[Collected data entries]
Lemma mx_norm_le_norm : exists2 c, 0 < c & forall x, `|x| <= c * N x.
Proof.
pose S := [set x : 'rV[R]_m | `|x| = 1].
have normalize_in x : x != 0 -> `|x|^-1 *: x \in S.
  by move=> x0; rewrite inE /S /= mx_normZ normfV normr_id mulVf ?normr_eq0.
have [S0|S0] := pselect (S !=set0); last first.
  exists 1 => // x; have [->|x0] := eqVneq x 0; first by rewrite normr0 N0 mulr0.
  by exfalso; apply: S0; exists (`|x|^-1 *: x); have := normalize_in x x0; rewrite inE.
have S_compact : compact S.
  apply: bounded_closed_compact.
    by exists 1; split => // M M1 x Sx; rewrite /= (Sx : `|x| = 1) ltW.
  rewrite (_ : S = Num.norm @^-1` [set 1]) //.
  by apply: preimage_closed => [z _|]; [exact: norm_continuous | exact: closed_eq].
have [z Sz min_z] := compact_EVT_min S0 S_compact (continuous_subspaceT continuous_norm).
have Nz_gt0 : 0 < N z.
  rewrite lt0r N_ge0 andbT; apply/eqP => /N_eq0 z0.
  by move: Sz; rewrite inE /S /= z0 normr0 => /esym/eqP; rewrite oner_eq0.
exists (N z)^-1; first by rewrite invr_gt0.
move=> x; have [->|x0] := eqVneq x 0; first by rewrite normr0 N0 mulr0.
have := min_z _ (normalize_in x x0); rewrite NZ normfV normr_id => le_z.
rewrite -(ler_pM2l Nz_gt0) mulrA mulfV ?gt_eqF // mul1r.
by rewrite -ler_pdivlMr ?normr_gt0 // mulrC.
Qed.

End RowNormEquivalence.

Section Modulus.
Variable R : realType.

Lemma modF_complexE (z : Fld R false) :
  modF z = Num.sqrt (complex.Re (z : R[i]) ^+ 2 + complex.Im (z : R[i]) ^+ 2).
Proof. by rewrite /modF normc_def. Qed.

Lemma modF_complexC (z : Fld R false) : (`|z : R[i]| = (modF z)%:C)%C.
Proof. by rewrite /modF normc_def. Qed.

Lemma modF_ge0 b (x : Fld R b) : 0 <= modF x.
Proof. by case: b x => x; [exact: normr_ge0 | rewrite modF_complexE sqrtr_ge0]. Qed.

Lemma modF0 b : modF (0 : Fld R b) = 0.
Proof. by case: b; [exact: normr0 | rewrite modF_complexE /= expr0n /= addr0 sqrtr0]. Qed.

Lemma modFM b (x y : Fld R b) : modF (x * y) = modF x * modF y.
Proof.
case: b x y => x y; first exact: normrM.
by apply: (@complexI R); rewrite rmorphM /= -!modF_complexC normrM.
Qed.

Lemma ler_modFD b (x y : Fld R b) : modF (x + y) <= modF x + modF y.
Proof.
case: b x y => x y; first exact: ler_normD.
by rewrite -lecR rmorphD /= -!modF_complexC ler_normD.
Qed.

Lemma modF_le_Re_Im (z : Fld R false) :
  modF z <= `|complex.Re (z : R[i])| + `|complex.Im (z : R[i])|.
Proof.
rewrite modF_complexE; set a := complex.Re _; set c := complex.Im _.
rewrite -[leRHS]ger0_norm ?addr_ge0 // -sqrtr_sqr ler_sqrt ?sqr_ge0 //.
rewrite -(real_normK (num_real a)) -(real_normK (num_real c)).
by have := normr_ge0 a; have := normr_ge0 c; nra.
Qed.

Lemma cvg0_modF b T (F : set_system T) {FF : Filter F} (f : T -> Fld R b) :
  (fun t => modF (f t)) @ F --> 0 -> f @ F --> 0.
Proof.
move=> /cvgr0Pnorm_lt modF_lt; apply/cvgr0Pnorm_lt; case: b f modF_lt => f modF_lt e.
  move=> /modF_lt; apply: filterS => t /=; rewrite ger0_norm //; exact: modF_ge0.
rewrite ltcE /= => /andP[/eqP Im_e Re_e_gt0].
apply: filterS (modF_lt _ Re_e_gt0) => t.
by rewrite ger0_norm ?modF_ge0 // modF_complexC ltcE /= -Im_e eqxx.
Qed.

End Modulus.

Section CoordinateBound.
Variables (R : realType) (n : nat).
Local Open Scope complex_scope.

Definition complexify (v : 'rV[R]_(n + n)) : 'cV[R[i]]_n :=
  \col_j (lsubmx v 0 j +i* rsubmx v 0 j).

Definition realify (x : 'cV[R[i]]_n) : 'rV[R]_(n + n) :=
  row_mx (\row_j complex.Re (x j 0)) (\row_j complex.Im (x j 0)).

Lemma realifyK : cancel realify complexify.
Proof.
move=> x; apply/matrixP => i k.
by rewrite /complexify /realify row_mxKl row_mxKr !mxE (ord1 k); case: (x i 0).
Qed.

Lemma complexifyZ a v : complexify (a *: v) = a%:C *: complexify v.
Proof.
apply/matrixP => i j; rewrite !mxE /=.
by apply/eqP; rewrite eq_complex /= !mul0r subr0 addr0 !eqxx.
Qed.

Lemma complexifyD v w : complexify (v + w) = complexify v + complexify w.
Proof. by apply/matrixP => i j; rewrite !mxE. Qed.

Lemma complexify_eq0 v : complexify v = 0 -> v = 0.
Proof.
move=> v0; rewrite -(hsubmxK v).
have /matrixP coord0 := v0; have [l0 r0] : lsubmx v = 0 /\ rsubmx v = 0.
  by split; apply/rowP => k; have := coord0 k 0; rewrite !mxE => -[].
by rewrite l0 r0 row_mx0.
Qed.

Lemma vecnorm_coord_le_real (nu : 'cV[Fld R true]_n -> R) : vecnorm nu ->
  exists2 c : R, 0 < c & forall (x : 'cV_n) j, modF (x j 0) <= c * nu x.
Proof.
case=> nu_ge0 nu_eq0 nuZ nuD.
have [c c_gt0 le_c] : exists2 c, 0 < c & forall v : 'rV[R]_n, `|v| <= c * nu v^T.
  apply: mx_norm_le_norm => [v|v /nu_eq0 v0|a v|v w]; first exact: nu_ge0.
  - by rewrite -(trmxK v) v0 trmx0.
  - by rewrite linearZ nuZ.
  - by rewrite linearD nuD.
exists c => // x j; have := le_c x^T; rewrite trmxK; apply: le_trans.
by have := ler_mx_entry_norm x^T 0 j; rewrite mxE.
Qed.

Lemma vecnorm_coord_le_complex (nu : 'cV[Fld R false]_n -> R) : vecnorm nu ->
  exists2 c : R, 0 < c & forall (x : 'cV_n) j, modF (x j 0) <= c * nu x.
Proof.
case=> nu_ge0 nu_eq0 nuZ nuD.
have modF_real (a : R) : modF (a%:C : Fld R false) = `|a|.
  by rewrite modF_complexE /= expr0n /= addr0 sqrtr_sqr.
have [c c_gt0 le_c] : exists2 c, 0 < c &
    forall v : 'rV[R]_(n + n), `|v| <= c * nu (complexify v).
  apply: mx_norm_le_norm => [v|v /nu_eq0 /complexify_eq0 //|a v|v w].
  - exact: nu_ge0.
  - by rewrite complexifyZ nuZ modF_real.
  - by rewrite complexifyD nuD.
exists (c *+ 2) => [|x j]; first by rewrite mulrn_wgt0.
have := le_c (realify x); rewrite realifyK => le_x.
apply: le_trans (modF_le_Re_Im (x j 0)) _; rewrite mulrnAl mulr2n.
apply: lerD; apply: le_trans le_x.
  by have := ler_mx_entry_norm (realify x) 0 (lshift n j); rewrite row_mxEl mxE.
by have := ler_mx_entry_norm (realify x) 0 (rshift n j); rewrite row_mxEr mxE.
Qed.

End CoordinateBound.

Lemma vecnorm_coord_le (R : realType) b n (nu : 'cV[Fld R b]_n -> R) : vecnorm nu ->
  exists2 c : R, 0 < c & forall (x : 'cV_n) j, modF (x j 0) <= c * nu x.
Proof.
by case: b nu; [exact: vecnorm_coord_le_real | exact: vecnorm_coord_le_complex].
Qed.

Lemma mxprod_recl (K : pzRingType) n r (M : 'I_r.+1 -> 'M[K]_n) :
  mxprod M = M ord0 *m mxprod (fun k => M (lift ord0 k)).
Proof. exact: (@big_ord_recl _ _ (@mulmx _ n n n)). Qed.

Section PartialNorm.
Variables (R : realType) (b : bool) (n : nat) (nu : 'cV[Fld R b]_n -> R).
Variable H : {vspace 'cV[Fld R b]_n}.
Hypothesis nu_norm : vecnorm nu.

Lemma vecnorm0 : nu 0 = 0.
Proof. by case: nu_norm => _ _ nuZ _; rewrite -(scale0r 0) nuZ modF0 mul0r. Qed.

Lemma vecnorm_gt0 x : x != 0 -> 0 < nu x.
Proof.
case: nu_norm => nu_ge0 nu_eq0 _ _ x0; rewrite lt0r nu_ge0 andbT.
by apply: contra_neqN x0 => /eqP/nu_eq0->.
Qed.

Lemma vecnorm_le_coord y : nu y <= \sum_(j < n) modF (y j 0) * nu (delta_mx j 0).
Proof.
have [_ _ nuZ nuD] := nu_norm.
rewrite {1}(matrix_sum_delta y); under eq_bigr => j _ do rewrite big_ord1.
apply: le_trans (ler_subadditive_sum vecnorm0 nuD) _.
by apply: ler_sum => j _; rewrite nuZ.
Qed.

Lemma vecnorm_mulmx_le (B : 'M[Fld R b]_n) : exists M, forall y, nu (B *m y) <= M * nu y.
Proof.
have [nu_ge0 _ _ _] := nu_norm; have [c _ coord_le] := vecnorm_coord_le nu_norm.
exists (\sum_(j < n) (\sum_(k < n) modF (B j k) * c) * nu (delta_mx j 0)) => y.
apply: le_trans (vecnorm_le_coord _) _; rewrite mulr_suml; apply: ler_sum => j _.
rewrite mulrAC ler_wpM2r // mulr_suml mxE.
apply: le_trans (ler_subadditive_sum (modF0 _ _) (@ler_modFD R b)) _.
by apply: ler_sum => k _; rewrite modFM -mulrA ler_wpM2l ?modF_ge0.
Qed.

Let ratios B := [set nu (B *m x) / nu x | x in [set x | (x \in H) && (x != 0)]].

Lemma has_ubound_pnorm_ratios B : has_ubound (ratios B).
Proof.
have [M le_M] := vecnorm_mulmx_le B.
by exists M => _ [x /andP[_ x0] <-]; rewrite ler_pdivrMr ?vecnorm_gt0.
Qed.

Lemma pnorm_ratio_le B t : ratios B t -> t <= pnorm nu H B.
Proof.
move=> Bt; rewrite /pnorm -/(ratios B).
exact: (sup_upper_bound (conj (ex_intro _ t Bt) (has_ubound_pnorm_ratios B)) Bt).
Qed.

(* When [H = 0] the set of ratios is empty and [pnorm] is [sup set0 = 0]. *)
Lemma pnorm_ge0 B : 0 <= pnorm nu H B.
Proof.
have [[t Bt]|/nonemptyPn empty] := pselect (ratios B !=set0); last first.
  by rewrite /pnorm -/(ratios B) empty sup0.
apply: le_trans (pnorm_ratio_le Bt).
by case: Bt => x _ <-; rewrite divr_ge0 //; case: nu_norm.
Qed.

Lemma ler_pnorm B y : y \in H -> nu (B *m y) <= pnorm nu H B * nu y.
Proof.
move=> yH; have [->|y0] := eqVneq y 0; first by rewrite mulmx0 vecnorm0 mulr0.
rewrite -ler_pdivrMr ?vecnorm_gt0 //; apply: pnorm_ratio_le.
by exists y => //=; rewrite yH y0.
Qed.

Lemma Hinvariant_mxprod r (M : 'I_r -> 'M[Fld R b]_n) :
  (forall k, Hinvariant H (M k)) -> Hinvariant H (mxprod M).
Proof.
elim: r M => [|r IH] M M_inv y yH; first by rewrite /mxprod big_ord0 mul1mx.
have M'_inv k : Hinvariant H (M (lift ord0 k)) := M_inv _.
by rewrite mxprod_recl -mulmxA; apply: M_inv; apply: IH M'_inv _ yH.
Qed.

Lemma ler_mxprod_pnorm r (M : 'I_r -> 'M[Fld R b]_n) y :
  (forall k, Hinvariant H (M k)) -> y \in H ->
  nu (mxprod M *m y) <= (\prod_(k < r) pnorm nu H (M k)) * nu y.
Proof.
elim: r M => [|r IH] M M_inv yH; first by rewrite /mxprod !big_ord0 mul1mx mul1r.
have M'_inv k : Hinvariant H (M (lift ord0 k)) := M_inv _.
rewrite mxprod_recl -mulmxA big_ord_recl -mulrA.
apply: le_trans (ler_pnorm _ (Hinvariant_mxprod M'_inv yH)) _.
by rewrite ler_wpM2l ?pnorm_ge0 // IH.
Qed.

End PartialNorm.

Lemma ler_sum_uniq_subset (R : numDomainType) (I : eqType) (s s' : seq I) (F : I -> R) :
  uniq s -> uniq s' -> {subset s <= s'} -> (forall i, 0 <= F i) ->
  \sum_(i <- s) F i <= \sum_(i <- s') F i.
Proof.
move=> s_uniq s'_uniq ss' F_ge0.
rewrite [leRHS](bigID (mem s)) /=.
have -> : \sum_(i <- s' | i \in s) F i = \sum_(i <- s) F i.
  rewrite -big_filter; apply/perm_big/uniq_perm; rewrite ?filter_uniq // => i.
  by rewrite mem_filter andb_idr //; apply: ss'.
by rewrite lerDl sumr_ge0.
Qed.

Section SeriesRearrangement.
Variables (R : realType) (u : nat -> R).
Hypothesis u_ge0 : forall i, 0 <= u i.

Let series_nd : nondecreasing_seq (series u).
Proof. by apply: nondecreasing_series => i _ _; exact: u_ge0. Qed.

Lemma sum_inj_le_limn (f : nat -> nat) r : injective f -> cvgn (series u) ->
  \sum_(k < r) u (f k) <= limn (series u).
Proof.
move=> f_inj u_cvg; pose N := (\max_(k < r) f k)%N.+1.
apply: le_trans (nondecreasing_cvgn_le series_nd u_cvg N).
rewrite -(big_mkord xpredT (u \o f)) -(big_map f xpredT u) /series /=.
apply: ler_sum_uniq_subset => //; rewrite ?map_inj_uniq ?iota_uniq //.
move=> i /mapP[k]; rewrite mem_index_iota => /andP[_ lt_kr] ->.
rewrite mem_index_iota leq0n ltnS.
exact: (@leq_bigmax _ (fun i : 'I_r => f i) (Ordinal lt_kr)).
Qed.

Lemma dvg_sum_bij_gt (s : nat -> nat) (M : R) : bijective s -> ~ cvgn (series u) ->
  \forall r \near \oo, M < \sum_(k < r) u (s k).
Proof.
move=> [g sK gK] u_dvg; have s_inj := can_inj sK.
have /cvgryPgt/(_ M)[N _ lt_N] := nondecreasing_dvgn_lt series_nd u_dvg.
exists (\max_(i < N) g i)%N.+1 => // r /= le_r.
apply: lt_le_trans (lt_N N (leqnn N)) _.
rewrite -(big_mkord xpredT (u \o s)) -(big_map s xpredT u) /series /=.
apply: ler_sum_uniq_subset => //; rewrite ?map_inj_uniq ?iota_uniq //.
move=> i; rewrite mem_index_iota => /andP[_ lt_iN].
rewrite -(gK i) map_f // mem_index_iota leq0n.
apply: leq_trans le_r; rewrite ltnS.
exact: (@leq_bigmax _ (fun i : 'I_N => g i) (Ordinal lt_iN)).
Qed.

End SeriesRearrangement.

Lemma le_expR_excess_deficit (R : realType) (x : R) :
  x <= expR ((Num.max x 1 - 1) - (1 - Num.min x 1)).
Proof.
have le1Dx := @expR_ge1Dx R; case: (leP 1 x) => _.
  by rewrite subrr subr0; have := le1Dx (x - 1); rewrite addrC subrK.
by rewrite subrr sub0r; have := le1Dx (- (1 - x)); rewrite opprB addrC subrK.
Qed.

Lemma prod_shift_bij_cvg0 (R : realType) (a : nat -> R) (s : nat -> nat) p :
  (forall i, 0 <= a i) -> bijective s ->
  cvgn (series (fun i => Num.max (a i) 1 - 1)) ->
  ~ cvgn (series (fun i => 1 - Num.min (a i) 1)) ->
  (fun r => \prod_(k < r) a (s (p + k)%N)) @ \oo --> 0.
Proof.
set u := fun i => _ - 1; set v := fun i => 1 - _ => a_ge0 s_bij u_cvg v_dvg.
have u_ge0 i : 0 <= u i by rewrite subr_ge0 le_max lexx orbT.
have v_ge0 i : 0 <= v i by rewrite subr_ge0 ge_min lexx orbT.
have v_le1 i : v i <= 1 by rewrite lerBlDr lerDl le_min a_ge0 ler01.
have s_inj : injective s by case: s_bij => g sK _; exact: can_inj sK.
apply/cvgr0Pnorm_lt => e e_gt0.
have [N _ lt_N] := dvg_sum_bij_gt v_ge0 (limn (series u) + p%:R - ln e) s_bij v_dvg.
exists N => // r /= le_Nr.
have u_le : \sum_(k < r) u (s (p + k)%N) <= limn (series u).
  apply: (sum_inj_le_limn u_ge0 (f := fun k => s (p + k)%N)) => //.
  by move=> k1 k2 /s_inj/addnI.
have v_head : \sum_(k < p) v (s k) <= p%:R.
  have -> : p%:R = \sum_(k < p) (1 : R) by rewrite sumr_const card_ord.
  by apply: ler_sum => k _; exact: v_le1.
have := lt_N (p + r)%N (leq_trans le_Nr (leq_addl _ _)).
rewrite big_split_ord /= => v_gt.
have prod_le : \prod_(k < r) a (s (p + k)%N) <=
    \prod_(k < r) expR (u (s (p + k)%N) - v (s (p + k)%N)).
  by apply: ler_prod => k _; rewrite a_ge0 le_expR_excess_deficit.
rewrite ger0_norm ?prodr_ge0 //; apply: le_lt_trans prod_le _.
rewrite -expR_sum sumrB -[e]lnK ?posrE // ltr_expR; lra.
Qed.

**Exercise goal**
Every line in the records above that contains the word "matrixP" should be copied out.

**Expected output**
move=> x; apply/matrixP => i k.
apply/matrixP => i j; rewrite !mxE /=.
Proof. by apply/matrixP => i j; rewrite !mxE. Qed.
have /matrixP coord0 := v0; have [l0 r0] : lsubmx v = 0 /\ rsubmx v = 0.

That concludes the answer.